Highest point
- Elevation: 4,160+ ft (1,268+ m)
- Prominence: 2,660 ft (810 m)
- Listing: White Mountain 4000-Footers #14 New England Fifty Finest
- Coordinates: 44°30′22″N 71°24′52″W﻿ / ﻿44.505984°N 71.414423°W

Geography
- Location: Coös County, New Hampshire, U.S.
- Parent range: Pilot Range
- Topo map: USGS Stark

= Mount Cabot =

Mountain located in Coos County, New Hampshire

Mount Cabot is a mountain located in Coos County, in the U.S. state of New Hampshire.

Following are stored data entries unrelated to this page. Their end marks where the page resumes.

Lemma distinguished_tensor_dim (f : 'rV[K]_n) (v : 'cV[K]_n) :
  distinguished (tensor_action u) (@bV K n) -> N *m N = 0 -> jordan2_pair N f v ->
  (n <= 2)%N.
Proof.
move=> dist NN fv; rewrite leqNgt; apply/negP => n3.
have [h [w [hv hNv hw]]] := exists_rV_orthogonal2 v (N *m v) n3.
rewrite mulmxA in hNv; have := rank_tensor_sub1_geq3 fv hv hNv hw.
have := distinguished_jordan_mult_le2 dist (isT : 0 < 2)%N.
by rewrite jordan_mult_top ?tensor_sub1_sqr_eq0 // mxpow1 lez_nat; lia.
Qed.

End TensorAction.

Section Dimension2.
Variable K : fieldType.
Hypothesis hK : 2%N \in [pchar K].
Implicit Types u : 'M[K]_2.

Lemma ord2_split (i : 'I_(1 + 1)) : i = lshift 1 0 \/ i = rshift 1 0.
Proof. by case: i => [[|[|//]] ?]; [left | right]; apply: val_inj. Qed.

Lemma jordan_unip2_block :
  jordan_unip K 2 = block_mx 1%:M 1%:M 0 1%:M :> 'M_(1 + 1).
Proof.
apply/matrixP => i j.
case: (ord2_split i) => ->; case: (ord2_split j) => ->;
  by rewrite ?block_mxEul ?block_mxEur ?block_mxEdl ?block_mxEdr !mxE.
Qed.

Lemma jordan_unip2_sub1 : jordan_unip K 2 - 1%:M = delta_mx 0 1.
Proof.
apply/matrixP => i j; rewrite !mxE.
by case: i => [[|[|//]] ?]; case: j => [[|[|//]] ?]; rewrite ?subrr ?subr0.
Qed.

Lemma iso_Vn2P u : iso_Vn u <->
  (u - 1%:M) *m (u - 1%:M) = 0 /\ exists f v, jordan2_pair (u - 1%:M) f v.
Proof.
split=> [[P [Pu uP]] | [NN [f [v [fv fNv]]]]].
  have NP : (u - 1%:M) *m P = P *m delta_mx 0 1.
    by rewrite -jordan_unip2_sub1 mulmxBl uP mul1mx mulmxBr mulmx1.
  have PVP : invmx P *m P = 1%:M by rewrite mulVmx.
  split.
    have NNP : (u - 1%:M) *m (u - 1%:M) *m P = 0.
      by rewrite -mulmxA NP mulmxA NP -mulmxA mul_delta_mx_0 // mulmx0.
    by move/(congr1 (mulmx^~ (invmx P))): NNP; rewrite mul0mx mulmxK.
  exists (delta_mx 0 0 *m invmx P), (P *m delta_mx 1 0); split.
    by rewrite mulmxA -(mulmxA _ _ P) PVP mulmx1 mul_delta_mx_0.
  rewrite -mulmxA -mulmxA (mulmxA _ P) NP -mulmxA mul_delta_mx !mulmxA -(mulmxA _ _ P) PVP.
  by rewrite mulmx1 mul_delta_mx; apply/matrixP => i j; rewrite !ord1 !mxE.
pose P : 'M_(2, 1 + 1) := row_mx ((u - 1%:M) *m v) v.
have PV : col_mx f (f *m (u - 1%:M)) *m P = 1%:M.
  rewrite mul_col_row !mulmxA fNv fv -(mulmxA f) NN mulmx0 mul0mx.
  by rewrite scalar_mx_block.
exists P; split; first by case: (mulmx1_unit PV).
have NP : (u - 1%:M) *m P = row_mx 0 ((u - 1%:M) *m v).
  by rewrite mul_mx_row mulmxA NN mul0mx.
change (u *m P = P *m (jordan_unip K 2 : 'M_(1 + 1))).
rewrite -[u in LHS](subrK 1%:M) mulmxDl NP mul1mx add_row_mx add0r.
by rewrite jordan_unip2_block mul_row_block !mulmx1 !mulmx0 addr0.
Qed.

Lemma distinguished_tensor2 u (f : 'rV[K]_2) (v : 'cV[K]_2) :
  u \in unitmx -> (u - 1%:M) *m (u - 1%:M) = 0 -> jordan2_pair (u - 1%:M) f v ->
  distinguished (tensor_action u) (@bV K 2).
Proof.
move=> uU NN fv; have [f_v fNv] := fv.
set X := tensor_action u - 1%:M.
have X2 : mxpow X 2 = 0 by apply: tensor_sub1_sqr_eq0.
have XX : X *m X = 0 by rewrite -X2 mxpowS mxpow1.
have rX : \rank X = 2%N.
  apply/eqP; rewrite eqn_leq (rank_tensor_sub1_geq2 hK uU fv) andbT.
  have : (X <= kermx X)%MS by exact/sub_kermxP.
  by move/mxrankS; rewrite mxrank_ker; lia.
have uu : u *m u = 1%:M.
  move: NN; rewrite (subr_lmod_pchar2 hK) mulmxDl !mulmxDr !mul1mx mulmx1.
  rewrite addrA -(addrA (u *m u)) (addrr_lmod_pchar2 hK u) addr0 => /eqP.
  by rewrite addr_eq0 (oppr_lmod_pchar2 hK) => /eqP.
move=> d d0; case: d d0 => [|[|[|d]]] // _ jd.
- by move: jd; rewrite /jordan_mult /= -/X !mulmx1 mxrank1 rX XX mxrank0.
- rewrite jordan_mult_top // mxpow1 rX; split => //.
  exists (mxvec (v *m f)); rewrite /= -/X !mulmx1 XX mulmx0; split => //.
  have uV : invmx u = u by rewrite -[invmx u]mulmx1 -uu mulmxA mulVmx // mul1mx.
  have fuv : f *m u *m v = 1%:M.
    by rewrite -[u in f *m u](subrK 1%:M) mulmxDr mulmxDl fNv mulmx1 f_v addr0.
  rewrite /X bV_tensor_sub1_rank1 // uV fuv f_v !mxE eqxx mulr1 expr0n subr0.
  exact: oner_neq0.
by move: jd; rewrite jordan_mult_eq0 // (mxpow_eq0_leq X2).
Qed.

End Dimension2.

The mountain is the highest peak of the Pilot Range of the White Mountains. Cabot is flanked to the northeast by The Bulge, and to the south of Bunnell Notch by Terrace Mountain. Mount Cabot was named in honor of the Italian explorer Sebastian Cabot.

Cabot is drained by various brooks on the west side into the Israel River and on the east into the West Branch of the Upper Ammonoosuc River, and thence into the Connecticut River and Long Island Sound.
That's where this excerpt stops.